Again chain 4 has a large number of divergences, so let’s remove it from the plots.

x_model_gibbs = inf_funnel_gibbs.isel(chain=[0, 1, 2]).posterior.x[..., 0].data.flatten()
y_model_gibbs = inf_funnel_gibbs.isel(chain=[0, 1, 2]).posterior.y.data.flatten()

plt.figure(figsize=(10, 4))
plt.subplot(121)
plt.plot(x_model_hmc, y_model_hmc, '.', label='HMC', zorder=2)
plt.plot(x_model_gibbs, y_model_gibbs, '.', label='Gibbs', zorder=1)
plt.xlabel('x[0]')
plt.ylabel('y')
plt.legend()
plt.xlim(-100, 100)
plt.subplot(122)
plt.hist(y_model_hmc, bins=30, histtype='step', label='HMC', density=True)
plt.hist(y_model_gibbs, bins=30, histtype='step', label='Gibbs', density=True)
plt.plot(x_marginal_true, y_marginal_true, color='k', label='True marginal')
plt.xlabel('y')
plt.legend();
_images/0a09244c9fbef0b9d238fbf278db990f09afdb15cf8299fc4a484a3e7c504484.png

We can see that with the same set up MultiHMCGibbs was able to reach deeper into the funnel and pull out the negative y values missed by NUTS.

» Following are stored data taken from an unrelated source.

(* For spans $A\leftarrow M\to B$ and $B\leftarrow N\to C$, regarded as linear bicomodules $M\mathcal y\colon A\mathcal y\Leftarrow B\mathcal y$ and $N\mathcal y\colon B\mathcal y\Leftarrow C\mathcal y$, there is an isomorphism of $(A\mathcal y,C\mathcal y)$-bicomodules $$(M\mathcal y)^\vee\triangleleft_{B\mathcal y}(N\mathcal y)^\vee\;\cong\;\big(M\mathcal y\triangleleft_{B\mathcal y}N\mathcal y\big)^\vee.$$
   Context: $C\mathcal y$ is the discrete category (comonoid in $(\mathbf{Poly},\mathcal y,\triangleleft)$) on a set $C$; bicomodules between discrete categories with linear carrier are spans, and $\triangleleft_{B\mathcal y}$ (bicomodule composition, an equalizer in $\mathbf{Poly}$) corresponds on spans to composition by pullback. For a span $C\xleftarrow{f}M\xrightarrow{g}D$ with fibers $M_a$ over $a\in C$, the dual is the conjunctive bicomodule $(M\mathcal y)^\vee\cong\sum_{a\in C}\mathcal y^{M_a}$ (defined as $[M\mathcal y,\bot]$ for the local internal hom and the terminal span $\bot$), whose prafunctor $D\text{-}\mathbf{Set}\to C\text{-}\mathbf{Set}$ is $\Pi_f\Delta_g$. *)

(* A bicomodule  A y <= C y  between discrete categories: a polynomial
   sum_{i : pos} y^{dir i} together with a map of positions to A
   (left coaction) and, for each position, a map of directions to C
   (right coaction).  Its prafunctor C-Set -> A-Set is
   X |-> (a |-> sum_{i, base i = a} prod_{d : dir i} X_{fib i d}). *)
Record Bicomod (A C : Type) := {
  pos  : Type;
  base : pos -> A;
  dir  : pos -> Type;
  fib  : forall i : pos, dir i -> C
}.
Arguments pos {A C} _.
Arguments base {A C} _ _.
Arguments dir {A C} _ _.
Arguments fib {A C} _ _ _.

(* Bicomodule composition  p <|_{B y} q  (the equalizer in Poly):
   a position is a position i of p together with, for every direction d
   of p at i, a position of q lying over fib p i d; directions are
   dependent pairs of directions. *)
Definition bicomod_comp {A B C : Type} (p : Bicomod A B) (q : Bicomod B C)
  : Bicomod A C :=
  {| pos  := { i : pos p & forall d : dir p i, { j : pos q | base q j = fib p i d } };
     base := fun x => base p (projT1 x);
     dir  := fun x => { d : dir p (projT1 x) & dir q (proj1_sig (projT2 x d)) };
     fib  := fun x y => fib q (proj1_sig (projT2 x (projT1 y))) (projT2 y) |}.

(* Isomorphism of (A y, C y)-bicomodules: an isomorphism in Poly
   (bijection on positions, bijections on directions going backwards)
   compatible with both coactions. *)
Definition bicomod_iso {A C : Type} (p q : Bicomod A C) : Prop :=
  exists (phi : pos p -> pos q) (phi' : pos q -> pos p)
         (psi : forall i : pos p, dir q (phi i) -> dir p i)
         (psi' : forall i : pos p, dir p i -> dir q (phi i)),
    (forall i, phi' (phi i) = i) /\ (forall j, phi (phi' j) = j) /\
    (forall i e, psi' i (psi i e) = e) /\ (forall i d, psi i (psi' i d) = d) /\
    (forall i, base q (phi i) = base p i) /\
    (forall i e, fib p i (psi i e) = fib q (phi i) e).

Record Span (A B : Type) := {
  apex : Type;
  sleft : apex -> A;
  sright : apex -> B
}.
Arguments apex {A B} _.
Arguments sleft {A B} _ _.
Arguments sright {A B} _ _.

Definition linear {A B : Type} (M : Span A B) : Bicomod A B :=
  {| pos := apex M; base := sleft M; dir := fun _ => unit;
     fib := fun m _ => sright M m |}.

(* Composition of spans by pullback; this is what  M y <|_{B y} N y
   corresponds to on linear bicomodules (see context). *)
Definition span_comp {A B C : Type} (M : Span A B) (N : Span B C) : Span A C :=
  {| apex := { mn : apex M * apex N | sright M (fst mn) = sleft N (snd mn) };
     sleft := fun x => sleft M (fst (proj1_sig x));
     sright := fun x => sright N (snd (proj1_sig x)) |}.

(* The dual (conjunctive) bicomodule (M y)^vee = sum_{a : A} y^{M_a},
   with M_a the fiber of the left leg over a, directions mapped to B by
   the right leg. *)
Definition span_dual {A B : Type} (M : Span A B) : Bicomod A B :=
  {| pos := A; base := fun a => a;
     dir := fun a => { m : apex M | sleft M m = a };
     fib := fun a m => sright M (proj1_sig m) |}.

(* A position of (M y)^vee <| (N y)^vee over a : A is a choice, for every m in the
   fibre M_a, of a position of (N y)^vee lying over sright m; since the base map of
   a dual is the identity, that choice is forced, so positions are just A, as for
   the dual of the composite span.  Over a, the directions are pairs (m, n) with
   m in M_a and n in N_(sright m), i.e. exactly the fibre over a of the pullback. *)

From Stdlib Require Import FunctionalExtensionality ProofIrrelevance.

Lemma singleton_section_eq (X Y : Type) (g : X -> Y) (f : forall x, {y : Y | y = g x}) :
  f = fun x => exist _ (g x) eq_refl.
Proof.
  apply functional_extensionality_dep; intros x.
  destruct (f x) as [y e]; subst y; reflexivity.
Qed.

Section DualComposite.

Variables (A B C : Type) (M : Span A B) (N : Span B C).

Local Notation P := (bicomod_comp (span_dual M) (span_dual N)).
Local Notation Q := (span_dual (span_comp M N)).

Definition dual_comp_pos (a : A) : pos P :=
  existT _ a (fun d => exist _ (sright M (proj1_sig d)) eq_refl).

Lemma dual_comp_pos_projT1 (x : pos P) : dual_comp_pos (projT1 x) = x.
Proof.
  destruct x as [a f]; unfold dual_comp_pos; simpl.
  f_equal; symmetry; exact (singleton_section_eq _ _ _ f).
Qed.

Definition comp_dir_of_pullback (x : pos P) (d : dir Q (projT1 x)) : dir P x :=
  let '(exist _ (exist _ (m, n) e_mn) e_m) := d in
  existT _ (exist _ m e_m)
    (exist _ n (eq_trans (eq_sym e_mn)
                         (eq_sym (proj2_sig (projT2 x (exist _ m e_m)))))).

Definition pullback_of_comp_dir (x : pos P) (d : dir P x) : dir Q (projT1 x) :=
  let '(existT _ (exist _ m e_m) (exist _ n e_n)) := d in
  exist _ (exist _ (m, n)
             (eq_trans (eq_sym (proj2_sig (projT2 x (exist _ m e_m)))) (eq_sym e_n)))
        e_m.

Lemma pullback_of_comp_dirK (x : pos P) (d : dir Q (projT1 x)) :
  pullback_of_comp_dir x (comp_dir_of_pullback x d) = d.
Proof.
  destruct d as [[[m n] e_mn] e_m]; simpl.
  apply subset_eq_compat, subset_eq_compat; reflexivity.
Qed.

Lemma comp_dir_of_pullbackK (x : pos P) (d : dir P x) :
  comp_dir_of_pullback x (pullback_of_comp_dir x d) = d.
Proof.
  destruct d as [[m e_m] [n e_n]]; simpl.
  f_equal; apply subset_eq_compat; reflexivity.
Qed.

Lemma fib_comp_dir_of_pullback (x : pos P) (d : dir Q (projT1 x)) :
  fib P x (comp_dir_of_pullback x d) = fib Q (projT1 x) d.
Proof. destruct d as [[[m n] e_mn] e_m]; reflexivity. Qed.

End DualComposite.

Theorem proposition2p55 (A B C : Type) (M : Span A B) (N : Span B C) :
  bicomod_iso (bicomod_comp (span_dual M) (span_dual N))
              (span_dual (span_comp M N)).
Proof.
  exists (@projT1 _ _), (dual_comp_pos _ _ _ M N), (comp_dir_of_pullback _ _ _ M N),
         (pullback_of_comp_dir _ _ _ M N).
  split; [|split; [|split; [|split; [|split]]]].
  - exact (dual_comp_pos_projT1 _ _ _ M N).
  - reflexivity.
  - exact (pullback_of_comp_dirK _ _ _ M N).
  - exact (comp_dir_of_pullbackK _ _ _ M N).
  - reflexivity.
  - exact (fib_comp_dir_of_pullback _ _ _ M N).
Qed.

Note: Even if I did not remove chain 4 from both samples the results would be much the same. Under this parameterization this model is hard for both samplers to draw from, MultiHMCGibbs just does a better job with the same set up.

Other notes

  • You can use as many inner_kernels as you want

  • The order the kernels are stepped in is set by the order of the parameter list (in the example above x septs first, followed by y)

  • The order matters! Typically you want to step the parameters closest to the likelihood first and the hyper-parameters second. But for some models this might not be so clear, so some experimentation could be needed.